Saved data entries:
# # # # # # #

(* Let $\mathbb{S}\in\mathbb{Z}^{N_X\times N_e}$, let $\mathbb{V}\in\mathbb{R}^{N_e\times N_z}$ be a matrix whose columns form a basis of $\mathrm{Ker}\,\mathbb{S}$, let $\mathcal{X}=\mathbb{R}^{N_X}_{>0}$, and let $\{\Psi^*_x\}_{x\in\mathcal{X}}$ be a family of dissipation functions on $\mathbb{R}^{N_e}$ with conjugates $\Psi_x$. Fix $x\in\mathcal{X}$ and let the cycle spaces be $\mathcal{Z}_x:=\mathbb{R}^{N_z}$ and $\mathfrak{Z}_x:=\mathrm{Im}\,\mathbb{V}^T=\mathbb{R}^{N_z}$, with the standard pairing. For $\zeta\in\mathfrak{Z}_x$ let $f^\lozenge(x,\zeta)$ be the unique minimizer of $\Psi^*_x(f)$ over $\{f\in\mathbb{R}^{N_e}:\mathbb{V}^Tf=\zeta\}$, and define $$\hat{\Psi}_x(z):=\Psi_x(\mathbb{V}z)\ (z\in\mathcal{Z}_x),\qquad \hat{\Psi}^*_x(\zeta):=\Psi^*_x\big(f^\lozenge(x,\zeta)\big)\ (\zeta\in\mathfrak{Z}_x).$$ Then $\hat{\Psi}_x$ and $\hat{\Psi}^*_x$ are Legendre–Fenchel conjugates of each other, $\hat{\Psi}^*_x(\zeta)=\max_{z}[\langle z,\zeta\rangle-\hat{\Psi}_x(z)]$ and $\hat{\Psi}_x(z)=\max_{\zeta}[\langle z,\zeta\rangle-\hat{\Psi}^*_x(\zeta)]$; their gradients $\nabla\hat{\Psi}_x(z)=\mathbb{V}^T\nabla\Psi_x(\mathbb{V}z)$ and $\nabla\hat{\Psi}^*_x$ are mutually inverse bijections between $\mathcal{Z}_x$ and $\mathfrak{Z}_x$ (with $\mathbb{V}\nabla\hat\Psi^*_x(\zeta)=\nabla\Psi^*_x(f^\lozenge(x,\zeta))$); and both $\hat{\Psi}_x$ and $\hat{\Psi}^*_x$ are dissipation functions (strictly convex, $1$-coercive, symmetric under sign change, vanishing at $0$). That is, the dissipation functions on the edge spaces induce a dually flat structure on the cycle spaces.
   Context: A dissipation function on $\mathbb{R}^{n}$ is a strictly convex, continuously differentiable, $1$-coercive ($\psi(f)/\|f\|\to\infty$ as $\|f\|\to\infty$), even function $\psi$ with $\psi(0)=0$. $\Psi_x(j):=\max_f[\langle j,f\rangle-\Psi^*_x(f)]$ is the Legendre–Fenchel conjugate of $\Psi^*_x$ (also a dissipation function), and $\nabla\Psi_x,\nabla\Psi^*_x$ are mutually inverse bijections of $\mathbb{R}^{N_e}$. Note $\mathrm{Ker}\,\mathbb{V}=\{0\}$, $\mathrm{Im}\,\mathbb{V}=\mathrm{Ker}\,\mathbb{S}$, $\mathrm{Ker}\,\mathbb{V}^T=\mathrm{Im}\,\mathbb{S}^T$. *)

From HB Require Import structures.
From mathcomp Require Import all_boot all_order all_algebra.
From mathcomp Require Import all_classical all_reals all_analysis.
Set Implicit Arguments. Unset Strict Implicit. Unset Printing Implicit Defensive.
Import Order.TTheory GRing.Theory Num.Theory.
Import numFieldNormedType.Exports.
Local Open Scope classical_set_scope.
Local Open Scope ring_scope.

Section Defs.
Variable R : realType.

Definition dotv (n : nat) (u v : 'cV[R]_n) : R := (u^T *m v) 0 0.

Definition grad (n : nat) (f : 'cV[R]_n -> R) (x : 'cV[R]_n) : 'cV[R]_n :=
  \col_i ('d f x (delta_mx i 0 : 'cV[R]_n)).

Definition strictly_convex (n : nat) (f : 'cV[R]_n -> R) : Prop :=
  forall (x y : 'cV[R]_n) (t : R), x != y -> 0 < t -> t < 1 ->
    f (t *: x + (1 - t) *: y) < t * f x + (1 - t) * f y.

Definition C1 (n : nat) (f : 'cV[R]_n -> R) : Prop :=
  (forall x, differentiable f x) /\ continuous (grad f).

Definition coercive1 (n : nat) (f : 'cV[R]_n -> R) : Prop :=
  forall M : R, exists r : R, forall x : 'cV[R]_n,
    r < `|x| -> M < f x / `|x|.

Definition even_fun (n : nat) (f : 'cV[R]_n -> R) : Prop :=
  forall x, f (- x) = f x.

Definition dissipation (n : nat) (f : 'cV[R]_n -> R) : Prop :=
  [/\ strictly_convex f, C1 f, coercive1 f, even_fun f & f 0 = 0].

Definition LF_conj (n : nat) (g h : 'cV[R]_n -> R) : Prop :=
  forall j : 'cV[R]_n,
    (exists f, h j = dotv j f - g f) /\ (forall f, dotv j f - g f <= h j).

Definition is_constr_min (m n : nat) (g : 'cV[R]_m -> R) (A : 'M[R]_(n, m))
  (b : 'cV[R]_n) (f : 'cV[R]_m) : Prop :=
  A *m f = b /\ forall f', A *m f' = b -> g f <= g f'.

Definition fdiamond (Ne Nz : nat) (PsiSx : 'cV[R]_Ne -> R) (V : 'M[R]_(Ne, Nz))
  (zeta : 'cV[R]_Nz) : 'cV[R]_Ne :=
  xget 0 [set f | is_constr_min PsiSx V^T zeta f].

Definition hatPsi (Ne Nz : nat) (Psix : 'cV[R]_Ne -> R) (V : 'M[R]_(Ne, Nz))
  (z : 'cV[R]_Nz) : R := Psix (V *m z).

# # # # # # #

→ PROBLEM TO WORK ON
Copy, without any change, the lines above from the one containing "(exists f, h" to the end, both ends included. Add nothing else.

→ RESPONSE TO THIS EXERCISE
    (exists f, h j = dotv j f - g f) /\ (forall f, dotv j f - g f <= h j).

Definition is_constr_min (m n : nat) (g : 'cV[R]_m -> R) (A : 'M[R]_(n, m))
  (b : 'cV[R]_n) (f : 'cV[R]_m) : Prop :=
  A *m f = b /\ forall f', A *m f' = b -> g f <= g f'.

Definition fdiamond (Ne Nz : nat) (PsiSx : 'cV[R]_Ne -> R) (V : 'M[R]_(Ne, Nz))
  (zeta : 'cV[R]_Nz) : 'cV[R]_Ne :=
  xget 0 [set f | is_constr_min PsiSx V^T zeta f].

Definition hatPsi (Ne Nz : nat) (Psix : 'cV[R]_Ne -> R) (V : 'M[R]_(Ne, Nz))
  (z : 'cV[R]_Nz) : R := Psix (V *m z).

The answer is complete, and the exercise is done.